Ask YC.news: Adequate, cheap motels near the YC-plex? - phony_identity

======
RyanGWU82
If you're going to have a car, there are a whole bunch of independent motels
on El Camino Real in Palo Alto and Mountain View. Many of these aren't
advertised on sites like Expedia, so just use Google Maps to find them, and
then contact them directly for rates. Some of 'em look kinda sketchy, but
they're all safe, lots of nearby food, and probably clean enough. ;-) Hit me
up directly if you want a local's opinion on a particular Mountain View motel.
(At least how it looks from the outside.)

Also, you can get great deals on Priceline for excellent hotels near San
Francisco Airport.
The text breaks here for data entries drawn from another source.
(* Downward induction from a bound of v: the top coefficient of v w is v_j w_0. *)
Lemma supp_le_inv v w :
  bnd_above v -> supp_le w 0 -> (forall p, w 0 p != 0) -> op_mul v w = Lam 0 ->
  supp_le v 0.
Proof.
move=> [N vN] w_le0 w0_neq0 vw1 j p j_gt0.
suff vanish : forall (d : nat) i, N - d%:Z < i -> 0 < i -> v i p = 0.
  by apply: (vanish (absz N)) => //; lia.
elim=> [|d IHd] i Ni i_gt0; first by apply: vN; lia.
have [Ndi|i_le] := ltP (N - d%:Z) i; first exact: IHd.
have := congr1 (fun f => f i p) vw1; rewrite /Lam gt_eqF //.
rewrite (op_mul_window (lo := i) (N := 1)) => [|i' vi' wi'].
  rewrite big_ord1 addr0 subrr => /eqP.
  by rewrite mulf_eq0 (negbTE (w0_neq0 _)) orbF => /eqP.
have : ~ i < i' by move=> ii'; move: vi'; rewrite IHd ?eqxx //; lia.
by have := supp_leP w_le0 wi'; lia.
Qed.

Lemma supp_ge_inv v w :
  bnd_below v -> supp_ge w 0 -> (forall p, w 0 p != 0) -> op_mul v w = Lam 0 ->
  supp_ge v 0.
Proof.
move=> [N vN] w_ge0 w0_neq0 vw1 j p j_lt0.
suff vanish : forall (d : nat) i, i < N + d%:Z -> i < 0 -> v i p = 0.
  by apply: (vanish (absz N)) => //; lia.
elim=> [|d IHd] i iN i_lt0; first by apply: vN; lia.
have [iNd|i_ge] := ltP i (N + d%:Z); first exact: IHd.
have := congr1 (fun f => f i p) vw1; rewrite /Lam lt_eqF //.
rewrite (op_mul_window (lo := i) (N := 1)) => [|i' vi' wi'].
  rewrite big_ord1 addr0 subrr => /eqP.
  by rewrite mulf_eq0 (negbTE (w0_neq0 _)) orbF => /eqP.
have : ~ i' < i by move=> i'i; move: vi'; rewrite IHd ?eqxx //; lia.
by have := supp_geP w_ge0 wi'; lia.
Qed.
I've gotten rooms a couple times for under $40 per night
for 3 or 4 star properties. (The 3 star ones may be better because they won't
gouge you on parking and Internet.) Check out www.biddingfortravel.com to see
what kind of rates people are getting. Most airport hotels have transportation
shuttles, so you can stay near the airport and take Caltrain to your
interview. But, shuttle-BART-Caltrain is a bit of a schlep.

Congrats and good luck! Are the interviews this weekend or next?

------
madanella
I also highly recommend using Priceline for hotels. Especially in the bay
area. We pay 28-45 dollars/night and often end up in 3.5-4 star hotels.

------
pg
You don't have to be near us. You can stay anywhere near a Caltrain stop,
because it stops within walking distance of YC.

------
dfranke
Pacific Inn in Redwood City.